» **WHAT TO WORK ON**
Reproduce exactly the lines below, from the first through the one containing "move=> fg; have", and nothing more.

(Records drawn from a dataset)
(* On the support of eta_eps every Q = sym_of c has entries of
   size at most eps, so by diagonal dominance both P + Q and P - Q are positive
   semidefinite for P = (eps d) I.  Ellipticity then gives
   |F (X - Q) - F X| <= Lam |P| uniformly in Q, hence
   m (F X - C) <= F_eps X <= m (F X + C) with m the total mass of eta_eps and
   C = Lam |P|.  Rescaling, mu F_eps (M / mu) = m mu F (M / mu) + O(mu), so the
   recession profile of F_eps is m F^*, a nonnegative multiple of a convex
   function (the value of m is irrelevant).
   F is not assumed measurable, so integrals are only compared through
   monotonicity and positive homogeneity of the Lebesgue integral, which hold
   for arbitrary functions since the integral of a nonnegative function is a
   supremum over the simple functions below it. *)

From Pilot Require Import Defs.
From HB Require Import structures.
From mathcomp Require Import all_boot all_order all_algebra.
From mathcomp Require Import all_classical all_reals all_analysis.
From mathcomp Require Import ring.
Import Order.TTheory GRing.Theory Num.Theory.
Import numFieldNormedType.Exports.
Set Implicit Arguments.
Unset Strict Implicit.
Unset Printing Implicit Defensive.
Local Open Scope ring_scope.

Section integral_without_measurability.
Import HBNNSimple.
Local Open Scope ereal_scope.
Variables (d : measure_display) (T : measurableType d) (R : realType).
Variable mu : {measure set T -> \bar R}.

Lemma ge0_le_integralT (f g : T -> \bar R) : (forall x, 0 <= f x) ->
  (forall x, f x <= g x) -> \int[mu]_x f x <= \int[mu]_x g x.
Proof.
move=> f0 fg; have g0 x : 0 <= g x := le_trans (f0 x) (fg x).
rewrite (ge0_integralTE mu f0) (ge0_integralTE mu g0) /=.
apply: ereal_sup_le => _ [h hf <-]; exists h => //= x.
exact: le_trans (hf x) (fg x).
Qed.

Lemma le_integralT (f g : T -> \bar R) :
  (forall x, f x <= g x) -> \int[mu]_x f x <= \int[mu]_x g x.
Proof.
move=> fg; have fgT : {in setT, forall x, f x <= g x} by move=> x _.
rewrite integralE [leRHS]integralE; apply: leeB; apply: ge0_le_integralT.
- exact: funepos_ge0.
- by move=> x; exact: funepos_le fgT _ (in_setT x).
- exact: funeneg_ge0.
- by move=> x; exact: funeneg_le fgT _ (in_setT x).
Qed.

Let ge0_integralZlT_le (k : R) (f : T -> \bar R) : (0 < k)%R ->
  (forall x, 0 <= f x) ->
  \int[mu]_x (k%:E * f x) <= k%:E * \int[mu]_x f x.
Proof.
move=> k0 f0.
have kf0 x : 0 <= k%:E * f x by apply: mule_ge0; rewrite // lee_fin ltW.
have k_neq0 : k != 0%R by rewrite gt_eqF.
rewrite (ge0_integralTE mu kf0) /=; apply: ge_ereal_sup => _ [h hf <-].
have ki0 : (0 <= k^-1)%R by rewrite invr_ge0 ltW.
pose h' := scale_nnsfun h ki0.
have h'f : sintegral mu h' <= \int[mu]_x f x.
  rewrite (ge0_integralTE mu f0); apply: ereal_sup_ubound; exists h' => //= x.
  rewrite EFinM -[f x](mul1e) -(mulVf k_neq0) EFinM -muleA.
  by apply: lee_wpmul2l; rewrite ?lee_fin.
have -> : sintegral mu h = k%:E * sintegral mu h'.
  by rewrite sintegralrM muleA -EFinM divff // mul1e.
by apply: lee_wpmul2l; rewrite // lee_fin ltW.
Qed.

Lemma ge0_integralZlT (k : R) (f : T -> \bar R) : (0 <= k)%R ->
  (forall x, 0 <= f x) ->
  \int[mu]_x (k%:E * f x) = k%:E * \int[mu]_x f x.
Proof.
move=> k0 f0; have [->|k_neq0] := eqVneq k 0%R.
  by rewrite mul0e (eq_integral (fun=> 0)) ?integral0 // => x _; rewrite mul0e.
have k_gt0 : (0 < k)%R by rewrite lt_def k_neq0.
apply/le_anti; rewrite ge0_integralZlT_le //=.
have kf0 x : 0 <= k%:E * f x by apply: mule_ge0; rewrite // lee_fin.
have ki_gt0 : (0 < k^-1)%R by rewrite invr_gt0.
have := @ge0_integralZlT_le _ _ ki_gt0 kf0.
under eq_integral do rewrite muleA -EFinM mulVf // mul1e.
move=> le_f; rewrite -[leRHS]mul1e -[1]/(1%R%:E) -(divff k_neq0) EFinM -muleA.
by apply: lee_wpmul2l; rewrite ?lee_fin.
Qed.

Lemma integralZlT_ge0 (k : R) (u : T -> R) : (forall x, 0 <= u x)%R ->
  \int[mu]_x (k * u x)%:E = k%:E * \int[mu]_x (u x)%:E.
Proof.
move=> u0.
have [k0|k0] := leP 0%R k.
  by under eq_integral do rewrite EFinM; rewrite ge0_integralZlT.
have Nk0 : (0 <= - k)%R by rewrite oppr_ge0 ltW.
rewrite (eq_integral (fun x => - ((- k)%:E * (u x)%:E))); last first.
  by move=> x _; rewrite EFinN mulNe oppeK -EFinM.
rewrite integral_ge0N => [|x _]; last by apply: mule_ge0; rewrite ?lee_fin.
by rewrite ge0_integralZlT // EFinN mulNe oppeK.
Qed.

End integral_without_measurability.

Section Rintegral_comparison.
Variables (d : measure_display) (T : measurableType d) (R : realType).
Variable mu : {measure set T -> \bar R}.

Lemma Rintegral_sandwich (u v : T -> R) (a b : R) : (forall x, 0 <= u x) ->
  (\int[mu]_x (u x)%:E)%E \is a fin_num ->
  (forall x, a * u x <= v x <= b * u x) ->
  a * (\int[mu]_x u x) <= \int[mu]_x v x <= b * \int[mu]_x u x.
Proof.
move=> u0 u_fin uv; rewrite /Rintegral.
have lo : (\int[mu]_x (a * u x)%:E <= \int[mu]_x (v x)%:E)%E.
  by apply: le_integralT => x; rewrite lee_fin; case/andP: (uv x).
have hi : (\int[mu]_x (v x)%:E <= \int[mu]_x (b * u x)%:E)%E.
  by apply: le_integralT => x; rewrite lee_fin; case/andP: (uv x).
move: lo hi; rewrite !integralZlT_ge0 // -(fineK u_fin) -!EFinM.
by case: (\int[mu]_x (v x)%:E)%E => [r||] //=; rewrite !lee_fin => -> ->.
Qed.

End Rintegral_comparison.

Section box_supported_integral.
Variable R : realType.
Local Notation lebesgue := (@lebesgue_measure R).
Local Open Scope classical_set_scope.

Lemma integral_le_box (u : R -> R) (K r : R) : 0 < r ->
  (forall x, 0 <= u x <= K) -> (forall x, r <= `|x| -> u x = 0) ->
  (\int[lebesgue]_x (u x)%:E <= (K * (r + r))%:E)%E.
Proof.
move=> r0 uK u_supp; have K0 : 0 <= K by case/andP: (uK 0) => /le_trans; apply.
pose I : set R := [set` `]-r, r[%R].
apply: (@le_trans _ _ (\int[lebesgue]_x (K * \1_I x)%:E)%E).
  apply: le_integralT => x; rewrite lee_fin indicE.
  have [xI|xI] := boolP (x \in I); first by rewrite mulr1; case/andP: (uK x).
  rewrite mulr0 u_supp ?lexx // leNgt; apply: contra xI => xr.
  by rewrite inE /I /= in_itv /= -ltr_norml.
rewrite integralZlT_ge0 // integral_indic ?setIT //; last exact: measurable_itv.
rewrite EFinM; apply: lee_wpmul2l; first by rewrite lee_fin.
have := lebesgue_measure_itv `]-r, r[%R; rewrite /= lte_fin gtrN // => ->.
by rewrite opprK -EFinD.
Qed.

End box_supported_integral.

Section iterated_integral.
Variables (R : realType) (d : nat).
Local Notation vec := ('I_d * 'I_d -> R).

Lemma upd_eq (c : vec) p x : upd c p x p = x.
Proof. by rewrite /upd eqxx. Qed.

Lemma upd_neq (c : vec) p x q : q != p -> upd c p x q = c q.
Proof. by rewrite /upd => /negbTE ->. Qed.

Lemma iint_ge0 s (f : vec -> R) c : (forall c, 0 <= f c) -> 0 <= iint s f c.
Proof.
move=> f0; elim: s c => [|p s IH] c /=; first exact: f0.
by apply: fine_ge0; apply: integral_ge0 => x _; rewrite lee_fin IH.
Qed.

Lemma iint_eq0 (P : R -> Prop) s (f : vec -> R) q : q \notin s ->
  (forall c, P (c q) -> f c = 0) -> forall c, P (c q) -> iint s f c = 0.
Proof.
move=> + f0; elim: s => [_|p s IH]; first exact: f0.
rewrite inE negb_or => /andP[qp qs] c Pcq /=.
rewrite /Rintegral (eq_integral (fun=> 0%E)) ?integral0 // => x _.
by rewrite IH // upd_neq.
Qed.

Section box_supported.
Variables (A : seq ('I_d * 'I_d)) (K r : R) (w : vec -> R).
Hypotheses (r_gt0 : 0 < r) (w_ge0 : forall c, 0 <= w c)
  (w_le : forall c, w c <= K)
  (w_eq0 : forall c q, q \in A -> r <= `|c q| -> w c = 0).

Let integral_iint_box {p s} {B : R} : uniq (p :: s) -> {subset p :: s <= A} ->
  (forall c, iint s w c <= B) -> forall c,
  let I := (\int[lebesgue_measure]_x (iint s w (upd c p x))%:E)%E in
  I \is a fin_num /\ fine I <= B * (r + r).
Proof.
move=> /andP[ps _] sA iint_le c I.
have I_le : (I <= (B * (r + r))%:E)%E.
  apply: integral_le_box => // [x|x xr]; first by rewrite iint_ge0 ?iint_le.
  apply: (@iint_eq0 (fun y => r <= `|y|) s w p) => //; last by rewrite upd_eq.
  by move=> c'; apply: w_eq0; apply: sA; rewrite mem_head.
have I_fin : I \is a fin_num.
  rewrite ge0_fin_numE ?(le_lt_trans I_le) ?ltry //.
  by apply: integral_ge0 => x _; rewrite lee_fin iint_ge0.
by split; rewrite // -lee_fin fineK.
Qed.

Lemma iint_le_box s : uniq s -> {subset s <= A} ->
  forall c, iint s w c <= K * (r + r) ^+ size s.
Proof.
elim: s => [_ _ c|p s IH ps sA c]; first by rewrite mulr1.
have [_ s_uniq] := andP ps.
have s_sub : {subset s <= A} by move=> q qs; apply: sA; rewrite inE qs orbT.
have [_] := integral_iint_box ps sA (IH s_uniq s_sub) c.
by rewrite exprS mulrCA mulrC.
Qed.

Lemma iint_sandwich (h : vec -> R) (a b : R) :
  (forall c, a * w c <= h c <= b * w c) -> forall s, uniq s -> {subset s <= A} ->
  forall c, a * iint s w c <= iint s h c <= b * iint s w c.
Proof.
move=> hw; elim=> [_ _ c|p s IH ps sA c] /=; first exact: hw.
have [_ s_uniq] := andP ps.
have s_sub : {subset s <= A} by move=> q qs; apply: sA; rewrite inE qs orbT.
have [I_fin _] := integral_iint_box ps sA (@iint_le_box s s_uniq s_sub) c.
apply: Rintegral_sandwich => // x; first exact: iint_ge0.
exact: IH.
Qed.

End box_supported.
End iterated_integral.

Section mollifier.
Variables (R : realType) (d : nat).
Local Notation vec := ('I_d * 'I_d -> R).

Lemma coords_uniq : uniq (coords d).
Proof. by rewrite /coords filter_uniq // enum_uniq. Qed.

Lemma phi_std_ge0 (c : vec) : 0 <= phi_std c.
Proof. by rewrite /phi_std; case: ifP => // _; rewrite expR_ge0. Qed.

Lemma phi_std_le1 (c : vec) : phi_std c <= 1.
Proof.
rewrite /phi_std; case: ifP => [c_lt1|_]; last exact: ler01.
rewrite expR_le1 invr_le0 subr_le0 -[1](expr1n _ 2) ler_pXn2r ?nnegrE //.
  exact: ltW.
by rewrite /enorm sqrtr_ge0.
Qed.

» **COMPLETED TASK**
(* On the support of eta_eps every Q = sym_of c has entries of
   size at most eps, so by diagonal dominance both P + Q and P - Q are positive
   semidefinite for P = (eps d) I.  Ellipticity then gives
   |F (X - Q) - F X| <= Lam |P| uniformly in Q, hence
   m (F X - C) <= F_eps X <= m (F X + C) with m the total mass of eta_eps and
   C = Lam |P|.  Rescaling, mu F_eps (M / mu) = m mu F (M / mu) + O(mu), so the
   recession profile of F_eps is m F^*, a nonnegative multiple of a convex
   function (the value of m is irrelevant).
   F is not assumed measurable, so integrals are only compared through
   monotonicity and positive homogeneity of the Lebesgue integral, which hold
   for arbitrary functions since the integral of a nonnegative function is a
   supremum over the simple functions below it. *)

From Pilot Require Import Defs.
From HB Require Import structures.
From mathcomp Require Import all_boot all_order all_algebra.
From mathcomp Require Import all_classical all_reals all_analysis.
From mathcomp Require Import ring.
Import Order.TTheory GRing.Theory Num.Theory.
Import numFieldNormedType.Exports.
Set Implicit Arguments.
Unset Strict Implicit.
Unset Printing Implicit Defensive.
Local Open Scope ring_scope.

Section integral_without_measurability.
Import HBNNSimple.
Local Open Scope ereal_scope.
Variables (d : measure_display) (T : measurableType d) (R : realType).
Variable mu : {measure set T -> \bar R}.

Lemma ge0_le_integralT (f g : T -> \bar R) : (forall x, 0 <= f x) ->
  (forall x, f x <= g x) -> \int[mu]_x f x <= \int[mu]_x g x.
Proof.
move=> f0 fg; have g0 x : 0 <= g x := le_trans (f0 x) (fg x).
rewrite (ge0_integralTE mu f0) (ge0_integralTE mu g0) /=.
apply: ereal_sup_le => _ [h hf <-]; exists h => //= x.
exact: le_trans (hf x) (fg x).
Qed.

Lemma le_integralT (f g : T -> \bar R) :
  (forall x, f x <= g x) -> \int[mu]_x f x <= \int[mu]_x g x.
Proof.
move=> fg; have fgT : {in setT, forall x, f x <= g x} by move=> x _.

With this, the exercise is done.